WHAT IS NEEDED ▸
From the records below, copy each line in which the string "Import" occurs.
─── GIVEN DATA ───
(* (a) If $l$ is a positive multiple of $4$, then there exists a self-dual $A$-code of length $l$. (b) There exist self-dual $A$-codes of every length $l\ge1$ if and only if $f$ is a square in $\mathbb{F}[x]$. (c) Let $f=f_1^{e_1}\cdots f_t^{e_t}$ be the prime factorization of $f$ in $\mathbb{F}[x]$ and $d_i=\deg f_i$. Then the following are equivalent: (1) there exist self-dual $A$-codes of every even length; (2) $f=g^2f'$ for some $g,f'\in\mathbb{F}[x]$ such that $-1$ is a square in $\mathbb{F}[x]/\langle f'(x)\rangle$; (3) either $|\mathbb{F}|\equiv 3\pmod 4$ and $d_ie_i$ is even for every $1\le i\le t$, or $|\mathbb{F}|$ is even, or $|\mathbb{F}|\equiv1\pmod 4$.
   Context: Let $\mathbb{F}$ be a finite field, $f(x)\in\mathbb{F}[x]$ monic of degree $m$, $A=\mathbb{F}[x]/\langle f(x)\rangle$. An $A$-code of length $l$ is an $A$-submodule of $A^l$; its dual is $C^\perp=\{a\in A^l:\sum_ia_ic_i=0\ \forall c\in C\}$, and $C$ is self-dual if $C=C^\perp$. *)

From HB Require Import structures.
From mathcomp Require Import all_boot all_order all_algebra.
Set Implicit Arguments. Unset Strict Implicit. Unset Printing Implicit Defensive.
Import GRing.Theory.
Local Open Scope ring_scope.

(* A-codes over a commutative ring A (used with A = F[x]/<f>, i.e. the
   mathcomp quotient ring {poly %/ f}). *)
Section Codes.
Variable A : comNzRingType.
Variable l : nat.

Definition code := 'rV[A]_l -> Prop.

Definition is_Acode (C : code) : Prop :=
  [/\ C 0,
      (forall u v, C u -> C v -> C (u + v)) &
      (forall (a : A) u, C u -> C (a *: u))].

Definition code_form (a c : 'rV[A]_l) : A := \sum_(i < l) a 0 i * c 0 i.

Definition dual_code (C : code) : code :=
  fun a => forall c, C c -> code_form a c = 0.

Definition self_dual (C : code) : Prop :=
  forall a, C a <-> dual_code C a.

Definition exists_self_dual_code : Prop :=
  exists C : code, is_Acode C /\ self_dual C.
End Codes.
───
─── GIVEN DATA ───
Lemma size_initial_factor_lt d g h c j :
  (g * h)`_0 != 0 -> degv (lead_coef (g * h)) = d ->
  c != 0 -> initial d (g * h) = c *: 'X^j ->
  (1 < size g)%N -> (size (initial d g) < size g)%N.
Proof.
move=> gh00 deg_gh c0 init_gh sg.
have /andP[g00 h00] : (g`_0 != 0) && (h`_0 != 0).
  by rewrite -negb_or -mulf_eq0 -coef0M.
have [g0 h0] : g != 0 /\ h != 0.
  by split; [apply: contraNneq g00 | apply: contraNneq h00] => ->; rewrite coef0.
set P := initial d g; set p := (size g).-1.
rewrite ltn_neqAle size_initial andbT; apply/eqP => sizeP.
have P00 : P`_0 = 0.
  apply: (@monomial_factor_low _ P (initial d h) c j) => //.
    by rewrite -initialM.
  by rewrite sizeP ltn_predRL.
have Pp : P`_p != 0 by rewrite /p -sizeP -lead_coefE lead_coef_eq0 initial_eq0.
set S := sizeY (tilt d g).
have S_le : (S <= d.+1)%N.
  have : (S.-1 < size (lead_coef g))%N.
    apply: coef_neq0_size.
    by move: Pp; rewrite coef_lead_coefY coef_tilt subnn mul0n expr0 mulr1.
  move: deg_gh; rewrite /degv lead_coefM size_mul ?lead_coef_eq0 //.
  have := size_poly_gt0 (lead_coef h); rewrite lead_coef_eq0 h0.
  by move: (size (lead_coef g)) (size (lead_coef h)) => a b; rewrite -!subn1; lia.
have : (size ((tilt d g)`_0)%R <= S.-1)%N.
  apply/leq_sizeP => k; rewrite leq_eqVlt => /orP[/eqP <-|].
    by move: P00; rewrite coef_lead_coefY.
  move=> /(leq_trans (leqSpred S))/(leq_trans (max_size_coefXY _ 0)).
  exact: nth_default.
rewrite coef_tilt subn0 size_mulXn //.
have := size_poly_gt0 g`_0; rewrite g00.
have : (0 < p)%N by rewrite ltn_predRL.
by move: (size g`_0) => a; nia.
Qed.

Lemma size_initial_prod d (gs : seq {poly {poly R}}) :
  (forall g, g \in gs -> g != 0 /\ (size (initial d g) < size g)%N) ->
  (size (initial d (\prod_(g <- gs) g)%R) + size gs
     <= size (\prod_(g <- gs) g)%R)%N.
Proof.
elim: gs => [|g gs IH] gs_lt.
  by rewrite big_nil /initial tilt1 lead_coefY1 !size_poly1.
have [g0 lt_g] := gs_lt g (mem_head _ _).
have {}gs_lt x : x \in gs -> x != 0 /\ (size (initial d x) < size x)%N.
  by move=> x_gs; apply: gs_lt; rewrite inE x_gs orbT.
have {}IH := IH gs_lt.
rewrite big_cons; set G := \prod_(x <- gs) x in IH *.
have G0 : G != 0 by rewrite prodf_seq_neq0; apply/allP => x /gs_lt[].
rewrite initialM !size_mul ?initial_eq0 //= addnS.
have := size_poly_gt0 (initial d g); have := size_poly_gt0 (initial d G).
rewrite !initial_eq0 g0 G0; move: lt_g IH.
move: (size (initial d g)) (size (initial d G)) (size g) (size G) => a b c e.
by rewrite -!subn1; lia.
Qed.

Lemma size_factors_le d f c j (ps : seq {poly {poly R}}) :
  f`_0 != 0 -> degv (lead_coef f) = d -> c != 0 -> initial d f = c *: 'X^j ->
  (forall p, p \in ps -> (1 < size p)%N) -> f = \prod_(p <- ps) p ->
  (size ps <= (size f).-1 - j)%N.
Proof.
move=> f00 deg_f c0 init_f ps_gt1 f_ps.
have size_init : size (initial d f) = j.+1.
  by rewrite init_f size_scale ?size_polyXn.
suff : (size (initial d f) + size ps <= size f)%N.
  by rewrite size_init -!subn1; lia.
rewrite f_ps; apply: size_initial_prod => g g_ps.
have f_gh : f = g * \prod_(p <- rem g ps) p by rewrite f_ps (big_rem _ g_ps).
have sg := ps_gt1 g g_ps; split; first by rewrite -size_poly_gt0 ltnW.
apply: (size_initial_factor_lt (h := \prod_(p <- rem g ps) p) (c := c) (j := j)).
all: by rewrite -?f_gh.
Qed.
───
RESULT FOR THIS TASK ▸
From HB Require Import structures.
From mathcomp Require Import all_boot all_order all_algebra.
Import GRing.Theory.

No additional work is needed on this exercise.